(* For every $v\in\mathbb Q$, the following are equivalent: (1) $v\in\mathcal V$; (2) $v\in\mathbb Z_{d,\ell}$, $v\geq-\mu_\kappa$, and $v\in\mathcal V_{\iota(v)}$ where $\iota(v)=\left\lfloor (n+1)\frac{v+\mu_\kappa}{\tau}+h(v)\right\rfloor$.
   Context: Let $\mathbf K$ be a field and $\ell\geq 2$ an integer. Let $L=a_n\phi_\ell^n+\dots+a_0$ with $n\geq1$, $a_i\in\mathbf K[z]$, $a_0a_n\neq0$, where $\phi_\ell(f)(z)=f(z^\ell)$ acting on Hahn series with coefficients in $\mathbf K$ and value group $\mathbb Q$. Let $\mathcal P(L)=\{(\ell^i,j): 0\le i\le n,\ j\in\operatorname{supp} a_i\}$. The Newton polygon of $L$ is the convex hull of $\{(\ell^i,j): 0\le i\le n,\ j\geq\operatorname{val} a_i\}\subset\mathbb R^2$; its non-vertical edges have slopes $\mu_1<\dots<\mu_\kappa$, $\mathcal S(L)=\{\mu_1,\dots,\mu_\kappa\}$. Let $d\geq1$ be a common multiple of the denominators of the $\mu_k$; $\mathbb Z_{d,\ell}=\bigcup_{i\geq0}\frac{1}{d\ell^i}\mathbb Z$, and $h(v)=\min\{i\geq0: v\in\frac1{d\ell^i}\mathbb Z\}$ for $v\in\mathbb Z_{d,\ell}$. Define $\Psi(v)=\{v\ell^i+j:(\ell^i,j)\in\mathcal P(L)\}$, $\pi(q)=\max\{(q-j)/\ell^i:(\ell^i,j)\in\mathcal P(L)\}$. Let $\mathcal V_0=-\mathcal S(L)$, $\mathcal V_{i+1}=\bigcup_{v\in\mathcal V_i}\pi(\Psi(v))$, $\mathcal V=\bigcup_{i\ge0}\mathcal V_i$ (a well-ordered set). For $v\in\mathbb Q$ let $\epsilon(v)=\min\{w\in\mathcal V: w>v\}-v\in\mathbb Q_{>0}\cup\{+\infty\}$ ($+\infty$ if this set is empty), and $\tau=\min\{\epsilon(-\mu_1),\dots,\epsilon(-\mu_\kappa),(d\ell^n)^{-1}\}\in\mathbb Q_{>0}$. *)

From HB Require Import structures.
From mathcomp Require Import all_boot all_order all_algebra.
Set Implicit Arguments. Unset Strict Implicit. Unset Printing Implicit Defensive.
Import Order.TTheory GRing.Theory Num.Theory.
Local Open Scope ring_scope.

Section Defs.
Variables (K : fieldType) (l n : nat) (a : nat -> {poly K}).

(* valuation of a polynomial: index of its first nonzero coefficient
   (only used for a_i <> 0) *)
Definition pval (p : {poly K}) : nat := find (fun c => c != 0) p.

(* (l^i, j) \in P(L), encoded by the pair (i, j) *)
Definition inP (i j : nat) : bool := (i <= n)%N && ((a i)`_j != 0).

Definition Pseq : seq (nat * nat) :=
  flatten [seq [seq (i, j) | j <- iota 0 (size (a i)) & (a i)`_j != 0] | i <- iota 0 n.+1].

(* pi(q) = max { (q - j) / l^i : (l^i, j) \in P(L) }.  The start value
   (q - val a_0) / l^0 is itself one of the terms since a_0 <> 0. *)
Definition piL (q : rat) : rat :=
  foldr (fun p m => Num.max m ((q - (p.2)%:R) / ((l ^ p.1)%N)%:R))
        (q - (pval (a 0))%:R) Pseq.

(* mu is the slope of a non-vertical edge of the Newton polygon, i.e. the
   lower convex hull of the points (l^m, val a_m) (a_m <> 0): the supporting
   line of slope mu touches at least two of these points. *)
Definition isSlope (mu : rat) : Prop :=
  exists i k : nat, [/\ (i < k)%N, (k <= n)%N, a i != 0 /\ a k != 0,
    (pval (a i))%:R - mu * ((l ^ i)%N)%:R = (pval (a k))%:R - mu * ((l ^ k)%N)%:R
    & forall m : nat, (m <= n)%N -> a m != 0 ->
        (pval (a i))%:R - mu * ((l ^ i)%N)%:R <= (pval (a m))%:R - mu * ((l ^ m)%N)%:R].

Definition isMaxSlope (mu : rat) : Prop :=
  isSlope mu /\ forall mu', isSlope mu' -> mu' <= mu.

Fixpoint inVi (i : nat) (w : rat) : Prop :=
  match i with
  | 0 => isSlope (- w)
  | i'.+1 => exists v : rat, inVi i' v /\
      exists e j : nat, inP e j /\ w = piL (v * ((l ^ e)%N)%:R + j%:R)
  end.

Definition inV (w : rat) : Prop := exists i : nat, inVi i w.

Definition nextV (v w : rat) : Prop :=
  [/\ inV w, v < w & forall u, inV u -> v < u -> w <= u].

(* t = tau = min(eps(-mu_1), ..., eps(-mu_kappa), 1/(d l^n)), where
   eps(v) = nextV v - v, or +oo (dropped from the min) if no element of V
   exceeds v. *)
Definition isTau (d : nat) (t : rat) : Prop :=
  [/\ t <= (((d * l ^ n)%N)%:R)^-1,
      (forall mu w, isSlope mu -> nextV (- mu) w -> t <= w + mu) &
      (t = (((d * l ^ n)%N)%:R)^-1 \/
       exists mu w, [/\ isSlope mu, nextV (- mu) w & t = w + mu])].

End Defs.

Definition inZi (d l i : nat) (v : rat) : bool :=
  (v * ((d * l ^ i)%N)%:R) \is a Num.int.

Definition inZdl (d l : nat) (v : rat) : Prop := exists i : nat, inZi d l i v.

Definition isH (d l : nat) (v : rat) (h : nat) : Prop :=
  inZi d l h v /\ forall i : nat, (i < h)%N -> ~~ inZi d l i v.

(* Everything in V lies in Z_{d,l} (once its maximiser is fixed, v |-> pi(v l^e + j) is
   affine with a power of l as denominator) and above -mu_kappa (since pi(v l^e + j) >= v).
   For the index, follow a derivation v_0 in V_0, v_(k+1) = pi(v_k l^e + j) and watch
   B(v) = (n+1)(v + mu_kappa)/tau + h(v): it is nonnegative on V and grows by at least 1 at
   every step that moves the value.  If h does not grow, then either both values lie in
   (1/(d l^n))Z, or the maximiser (l^e', j') defining the new value w lies strictly left of
   (l^e, j) on the Newton polygon; the edge leaving that vertex to the right has a slope s
   with -s <= w, and the gap tau <= eps(-s) gives w - v >= tau.  The gap needs V to be well
   ordered, which holds because V is the closure of the finite set -S(L) under finitely many
   monotone maps v |-> pi(v l^e + j) >= v (a minimal bad sequence argument). *)

From HB Require Import structures.
From mathcomp Require Import all_boot all_order all_algebra.
From mathcomp Require Import ring lra zify.
From Stdlib Require Import Classical ClassicalEpsilon Wf_nat.
Set Implicit Arguments. Unset Strict Implicit. Unset Printing Implicit Defensive.
Import Order.TTheory GRing.Theory Num.Theory.

Lemma dependent_choice (X : Type) (P : X -> Prop) (R : X -> X -> Prop) x0 :
  P x0 -> (forall x, P x -> exists2 y, P y & R x y) ->
  exists f : nat -> X, f 0%N = x0 /\ forall k, P (f k) /\ R (f k) (f k.+1).
Proof.
move=> Px0 PR.
have [g Pg] : exists g : X -> X, forall x, P x -> P (g x) /\ R x (g x).
  apply: (ClassicalEpsilon.choice (fun x y => P x -> P y /\ R x y)) => x.
  have [/PR[y Py Rxy]|nPx] := classic (P x); first by exists y.
  by exists x.
have Pf k : P (iter k g x0) by elim: k => //= k /Pg[].
exists (fun k => iter k g x0); split=> // k.
by split; [exact: Pf | case: (Pg _ (Pf k))].
Qed.

Lemma classical_ex_minn (P : nat -> Prop) :
  (exists n, P n) -> exists n, P n /\ forall m, P m -> (n <= m)%N.
Proof.
move=> exP; have [n [[Pn n_min] _]] :=
  @dec_inh_nat_subset_has_unique_least_element P (fun m => classic (P m)) exP.
by exists n; split=> // m /n_min/ssrnat.leP.
Qed.

Lemma infinitely_often_mem (X : eqType) (s : seq X) (Q : nat -> X -> Prop) :
  (forall k, exists2 x, x \in s & Q k x) ->
  exists2 x, x \in s & forall K, exists2 k, (K <= k)%N & Q k x.
Proof.
elim: s Q => [|x s IHs] Q sQ; first by have [] := sQ 0%N.
have [often|] := classic (forall K, exists2 k, (K <= k)%N & Q k x).
  by exists x; rewrite ?mem_head.
move=> /not_all_ex_not[K0 notQx].
have [|y ys often] := IHs (fun k => Q (K0 + k)%N) => [k|].
  have [y] := sQ (K0 + k)%N; rewrite inE => /predU1P[-> Qx|ys Qy].
    by case: notQx; exists (K0 + k)%N; rewrite ?leq_addr.
  by exists y.
exists y => [|K]; first by rewrite inE ys orbT.
have [k Kk Qk] := often K; exists (K0 + k)%N => //.
exact: leq_trans Kk (leq_addl _ _).
Qed.

Lemma increasing_subsequence (Q : nat -> Prop) :
  (forall K, exists2 k, (K <= k)%N & Q k) ->
  exists g : nat -> nat, (forall j, g j < g j.+1)%N /\ forall j, Q (g j).
Proof.
move=> often; have [k0 _ Qk0] := often 0%N.
have [|g [_ hg]] := @dependent_choice _ Q (fun i j => i < j)%N _ Qk0.
  by move=> i _; have [j ij Qj] := often i.+1; exists j.
by exists g; split=> j; case: (hg j).
Qed.

Lemma seq_argmin (I : eqType) disp (T : orderType disp) (F : I -> T) (s : seq I) i0 :
  i0 \in s -> exists2 i, i \in s & forall j, j \in s -> (F i <= F j)%O.
Proof.
move=> s_i0; have [i si Fi] : exists2 i, i \in s & \big[Order.min/F i0]_(j <- s) F j = F i.
  rewrite big_seq; elim/big_ind: _ => [|x y [i si ->] [j sj ->]|j sj]; first by exists i0.
  - by case: (leP (F i) (F j)); [exists i | exists j].
  - by exists j.
by exists i => // j sj; rewrite -Fi ge_bigmin_seq.
Qed.

Section Descending.
Context {disp : Order.disp_t} {T : orderType disp}.
Implicit Types (P S : T -> Prop) (f : nat -> T).
Local Open Scope order_scope.

Definition descending P f := forall k, P (f k) /\ f k.+1 < f k.

Definition well_ordered P := forall f, ~ descending P f.

Lemma descending_lt P f i j : descending P f -> (i < j)%N -> f j < f i.
Proof.
move=> Pf; apply: (@homo_ltn _ f (fun x y => y < x)) => [y x z yx zy|k].
  exact: lt_trans zy yx.
exact: (Pf k).2.
Qed.

Lemma well_ordered_min P S : well_ordered P -> (forall x, S x -> P x) ->
  (exists x, S x) -> exists2 m, S m & forall x, S x -> m <= x.
Proof.
move=> woP SP [x0 Sx0]; apply: NNPP => nomin.
have [|f [_ Sf]] := @dependent_choice _ S (fun x y => y < x) _ Sx0.
  move=> x Sx; apply: NNPP => nolt; apply: nomin; exists x => // y Sy.
  by rewrite leNgt; apply/negP => yx; apply: nolt; exists y.
by apply: (woP f) => k; have [/SP] := Sf k.
Qed.

Lemma well_ordered_seq P (s : seq T) : (forall x, P x -> x \in s) -> well_ordered P.
Proof.
move=> Ps f Pf.
have [|x _ often] := @infinitely_often_mem _ s (fun k x => f k = x).
  by move=> k; exists (f k); first exact/Ps/(Pf k).1.
have [i _ fi] := often 0%N; have [j ij fj] := often i.+1.
by have := descending_lt Pf ij; rewrite fi fj ltxx.
Qed.

End Descending.

Section MonotoneClosure.
Context {disp : Order.disp_t} {T : orderType disp} {I : eqType}.
Variables (V0 : T -> Prop) (s : seq I) (F : I -> T -> T).
Hypothesis F_ge : forall i x, i \in s -> (x <= F i x)%O.
Hypothesis F_homo : forall i x y, i \in s -> (x <= y)%O -> (F i x <= F i y)%O.
Local Open Scope order_scope.

Fixpoint closure_rank (k : nat) (x : T) : Prop :=
  if k is k'.+1 then exists y, closure_rank k' y /\ exists2 i, i \in s & x = F i y
  else V0 x.

Definition in_closure (x : T) : Prop := exists k, closure_rank k x.

Let bad x := exists f, f 0%N = x /\ descending in_closure f.

Let lower_rank c p := exists r, closure_rank r p /\
  forall y r', bad y -> y < c -> closure_rank r' y -> (r < r')%N.

Let bad_of_min_rank_below c y := y < c /\ exists r, closure_rank r y /\
  forall y' r', bad y' -> y' < c -> closure_rank r' y' -> (r <= r')%N.

Let exists_bad_of_min_rank_below c : bad c -> exists2 y, bad y & bad_of_min_rank_below c y.
Proof.
move=> [f [<- clf]].
have [|r [[y [[bad_y ylt] ry]] r_min]] :=
  @classical_ex_minn (fun r => exists y, (bad y /\ y < f 0%N) /\ closure_rank r y).
  have [[r rf1] _] := clf 1%N; exists r, (f 1%N); split=> //; split.
    by exists (fun k => f k.+1); split=> // k; exact: clf.
  by case: (clf 0%N).
exists y => //; split=> //; exists r; split=> // y' r' ? ? ?.
by apply: r_min; exists y'.
Qed.

Let origin c y (o : option I) := match o with
  | None => V0 y
  | Some i => exists p, y = F i p /\ lower_rank c p
  end.

Let exists_origin c y : bad_of_min_rank_below c y ->
  exists2 o, o \in None :: map Some s & origin c y o.
Proof.
move=> [_ [[|r] [ry r_min]]]; first by exists None; rewrite ?mem_head.
have [p [rp [i si ->]]] := ry.
exists (Some i); first by rewrite inE map_f.
by exists p; split=> //; exists r; split.
Qed.

(* Minimal bad sequence: each c (k+1) is a bad element below c k of least rank.  Infinitely
   many c (k+1) share an origin, which cannot be V0; so c (k+1) = F i (p k) along a
   subsequence, and the p k form a bad sequence below the first c k of too small a rank. *)
Theorem closure_well_ordered : well_ordered V0 -> well_ordered in_closure.
Proof.
move=> woV0 f clf.
have [|c [_ badc]] :=
  @dependent_choice _ bad bad_of_min_rank_below (f 0%N) _ exists_bad_of_min_rank_below.
  by exists f.
have c_lt : descending bad c by move=> k; have [? []] := badc k.
have [|o os often] :=
    @infinitely_often_mem _ (None :: map Some s) (fun k => origin (c k) (c k.+1)).
  by move=> k; apply: exists_origin; case: (badc k).
have {often}[g [g_incr g_o]] := increasing_subsequence often.
have cg_lt j : c (g j.+1).+1 < c (g j).+1 by apply: descending_lt c_lt _; rewrite ltnS.
case: o os g_o => [i|] /= os g_o; last first.
  by apply: (woV0 (fun j => c (g j).+1)) => j; split.
have {os}si : i \in s by move: os; rewrite inE /= mem_map //; exact: Some_inj.
have [p p_spec] := ClassicalEpsilon.choice _ g_o.
have p_desc : descending in_closure p.
  move=> j; have [_ [r [rp _]]] := p_spec j; split; first by exists r.
  rewrite ltNge; apply/negP => /(F_homo si).
  by rewrite -(p_spec j).1 -(p_spec j.+1).1 leNgt cg_lt.
have [c1 [r [rp r_min]]] := p_spec 0%N.
suff /(r_min _ r (ex_intro _ p (conj erefl p_desc)))/(_ rp) : p 0%N < c (g 0%N).
  by rewrite ltnn.
by apply: le_lt_trans (F_ge _ si) _; rewrite -c1; case: (c_lt (g 0%N)).
Qed.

____

▶ _YOUR TASK_: Where does the string "negP" occur in the material? Copy every line where it does.

▶ _SOLUTION_:
  by rewrite leNgt; apply/negP => yx; apply: nolt; exists y.
  rewrite ltNge; apply/negP => /(F_homo si).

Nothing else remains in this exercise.